▶ [Work order]: Quote exactly, and only, the lines of the material below from the line with "approx_oracle gamma O ->" through the line with "forall (n : nat)".
---- Supplied material
Lemma winners_utility_bound :
  (gamma ^+ 2 / 2 - 4 / gamma ^+ 2 * theta) * Fst <= F (chi x k).
Proof.
have g2_le1 : gamma ^+ 2 <= 1 by rewrite exprn_ile1 // ltW.
have coef_ge4 : 4 <= 4 / gamma ^+ 2 by rewrite ler_pdivlMr ?exprn_gt0 //; lra.
have : 4 * (theta * Fst) <= 4 / gamma ^+ 2 * theta * Fst.
  rewrite mulrA ler_pM2r //; exact: (ler_wpM2r largeness_ge0 coef_ge4).
have := winners_utility; have := Fhat_lower.
have : gamma * (theta * Fst) <= theta * Fst.
  by apply: ler_piMl; rewrite // mulr_ge0 ?largeness_ge0 ?ltW.
have : 0 <= theta * Fst by rewrite mulr_ge0 ?largeness_ge0 ?ltW.
rewrite expr2; lra.
Qed.

Lemma sum_partial : \sum_(j < n | (j < k)%N) partial F x j = F (chi x k) - F set0.
Proof.
have [le_kn _ _] := winners.
rewrite -(big_ord_widen n (partial F x) le_kn) -(big_mkord xpredT).
by rewrite telescope_sumr // chi0.
Qed.

Lemma total_payment_le L : 0 < L ->
    (forall j : 'I_n, (j < k)%N -> L <= Fhat_s O F c b (x j)) ->
  total_payment O F c b x k <= 2 * (b / L) * F (chi x k).
Proof.
move=> L_gt0 L_le.
have partial_ge0 j : 0 <= partial F x j by rewrite subr_ge0 Fm // chi_subset.
apply: (@le_trans _ _ (\sum_(j < n | (j < k)%N) 2 * (b / L) * partial F x j)).
  apply: ler_sum => j jk; apply: ler_wpM2r => //; apply: ler_wpM2l => //.
  apply: ler_wpM2l; first exact: ltW.
  have Fs_ge := L_le j jk.
  by rewrite lef_pV2 ?posrE // (lt_le_trans L_gt0).
rewrite -big_distrr /= sum_partial; apply: ler_wpM2l.
  by rewrite mulr_ge0 // divr_ge0 // ltW.
by rewrite gerDl oppr_le0 F0.
Qed.

Lemma total_payment_le_2B : total_payment O F c b x k <= 2 * B.
Proof.
have [_ chi_k _] := winners.
have [Fh_gt0|Fh_le0] := ltrP 0 Fh.
  have L_gt0 : 0 < gamma * (Fh / 2) by rewrite mulr_gt0 // divr_gt0.
  apply: le_trans (total_payment_le L_gt0 _) _.
    move=> j jk; apply: le_trans (Fhat_s_ge (ltW gamma_gt0) O_approx valid b_gt0 _).
    apply: ler_wpM2l; first exact: ltW.
    have : F [set x j] <= F (chi x k) by apply: Fm; rewrite sub1set mem_chi.
    lra.
  apply: le_trans (ler_wpM2l _ chi_k) _; first by rewrite mulr_ge0 // divr_ge0 // ltW.
  have -> : 2 * (b / (gamma * (Fh / 2))) * (Fh / 2) = 2 * B by field; rewrite ?gt_eqF.
  exact: lexx.
rewrite /total_payment big1 ?mulr_ge0 ?ltW // => j jk.
suff -> : partial F x j = 0 by rewrite mulr0.
have : F (chi x j.+1) <= F (chi x k) by apply: Fm; rewrite chi_subset.
have : F (chi x j) <= F (chi x j.+1) by apply: Fm; rewrite chi_subset.
have := F0 (chi x j); rewrite /partial; lra.
Qed.

Lemma total_payment_small : theta < gamma ^+ 2 / 4 ->
  total_payment O F c b x k <= (1 + 4 / gamma ^+ 2 * theta) * B.
Proof.
move=> small; have [_ chi_k _] := winners.
have M_ge0 : 0 <= theta * Fst by rewrite mulr_ge0 ?largeness_ge0 ?ltW.
have M4 : 4 * (theta * Fst) <= gamma ^+ 2 * Fst.
  by rewrite mulrA ler_pM2r // mulrC -ler_pdivlMr // ltW.
have gM : gamma * (theta * Fst) <= theta * Fst by exact: ler_piMl.
have := Fhat_lower; rewrite mulrBr mulrA -expr2 => Fh_lb.
have G2_gt0 : 0 < gamma ^+ 2 * Fst by rewrite mulr_gt0 ?exprn_gt0.
set L := Fh - theta * Fst.
have L2 : gamma ^+ 2 * Fst <= 2 * L by rewrite /L; lra.
have L_gt0 : 0 < L by lra.
have Fh_le : Fh <= (1 + 4 / gamma ^+ 2 * theta) * L.
  have : 4 / gamma ^+ 2 * theta * (gamma ^+ 2 * Fst) <= 4 / gamma ^+ 2 * theta * (2 * L).
    apply: ler_wpM2l L2; apply: mulr_ge0 largeness_ge0.
    by rewrite divr_ge0 // exprn_ge0 // ltW.
  have -> : 4 / gamma ^+ 2 * theta * (gamma ^+ 2 * Fst) = 4 * (theta * Fst).
    by field; rewrite gt_eqF.
  rewrite /L; lra.
have gL_gt0 : 0 < gamma * L by rewrite mulr_gt0.
apply: le_trans (total_payment_le gL_gt0 _) _.
  move=> j jk; apply: le_trans (Fhat_s_ge (ltW gamma_gt0) O_approx valid b_gt0 _).
  apply: ler_wpM2l; first exact: ltW.
  have := singleton_le_largeness (x j); rewrite /L; lra.
apply: le_trans (ler_wpM2l _ chi_k) _; first by rewrite mulr_ge0 // divr_ge0 // ltW.
have -> : 2 * (b / (gamma * L)) * (Fh / 2) = B / L * Fh by field; rewrite ?gt_eqF.
apply: le_trans (ler_wpM2l _ Fh_le) _; first by rewrite divr_ge0 // ltW.
have -> : B / L * ((1 + 4 / gamma ^+ 2 * theta) * L) = (1 + 4 / gamma ^+ 2 * theta) * B.
  by field; rewrite !gt_eqF.
exact: lexx.
Qed.

Lemma total_payment_bound :
  total_payment O F c b x k <= (1 + 4 / gamma ^+ 2 * theta) * B.
Proof.
have [small|large] := ltP theta (gamma ^+ 2 / 4); first exact: total_payment_small.
apply: le_trans total_payment_le_2B _; rewrite ler_pM2r //.
suff : 1 <= 4 / gamma ^+ 2 * theta by lra.
by rewrite mulrAC ler_pdivlMr ?exprn_gt0 //; lra.
Qed.

End Mechanism.

Theorem corollary2 (R : realType) (gamma : R) (O : oracle_type R) :
  0 < gamma <= 1 ->
  approx_oracle gamma O ->
  exists eps : R -> R,
    (forall t, 0 <= eps t) /\
    (forall e : R, 0 < e -> exists d : R, 0 < d /\
        forall t : R, 0 < t < d -> eps t < e) /\
    forall (n : nat) (F : {set 'I_n} -> R) (c : 'I_n -> R) (B : R)
           (x : 'I_n -> 'I_n) (k : nat),
      valid_instance F c -> 0 < B -> 0 < Fstar F c B ->
      greedy_seq F c x ->
      winner_count O F c (gamma * B) x k ->
      let theta := largeness F c B in
      total_payment O F c (gamma * B) x k <= (1 + eps theta) * B /\
      (gamma ^+ 2 / 2 - eps theta) * Fstar F c B <= F (chi x k).
Proof.
move=> /andP[gamma_gt0 gamma_le1] O_approx.
have K_gt0 : 0 < 4 / gamma ^+ 2 by rewrite divr_gt0 ?exprn_gt0.
exists (fun t => 4 / gamma ^+ 2 * `|t|); split; [|split].
- by move=> t; rewrite mulr_ge0 // ltW.
- move=> e e_gt0; exists (e / (4 / gamma ^+ 2)); split; first exact: divr_gt0.
  by move=> t /andP[t_gt0 t_lt]; rewrite gtr0_norm // [_ * t]mulrC -ltr_pdivlMr.
move=> n F c B x k valid B_gt0 Fstar_gt0 [x_inj _] winners theta.
rewrite /theta ger0_norm ?largeness_ge0 //; split.
  exact: (total_payment_bound gamma_gt0 gamma_le1 O_approx valid B_gt0 Fstar_gt0 winners).
exact: (winners_utility_bound gamma_gt0 gamma_le1 O_approx valid B_gt0 Fstar_gt0 x_inj winners).
Qed.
--------
▶ [Output for this task]:
  approx_oracle gamma O ->
  exists eps : R -> R,
    (forall t, 0 <= eps t) /\
    (forall e : R, 0 < e -> exists d : R, 0 < d /\
        forall t : R, 0 < t < d -> eps t < e) /\
    forall (n : nat) (F : {set 'I_n} -> R) (c : 'I_n -> R) (B : R)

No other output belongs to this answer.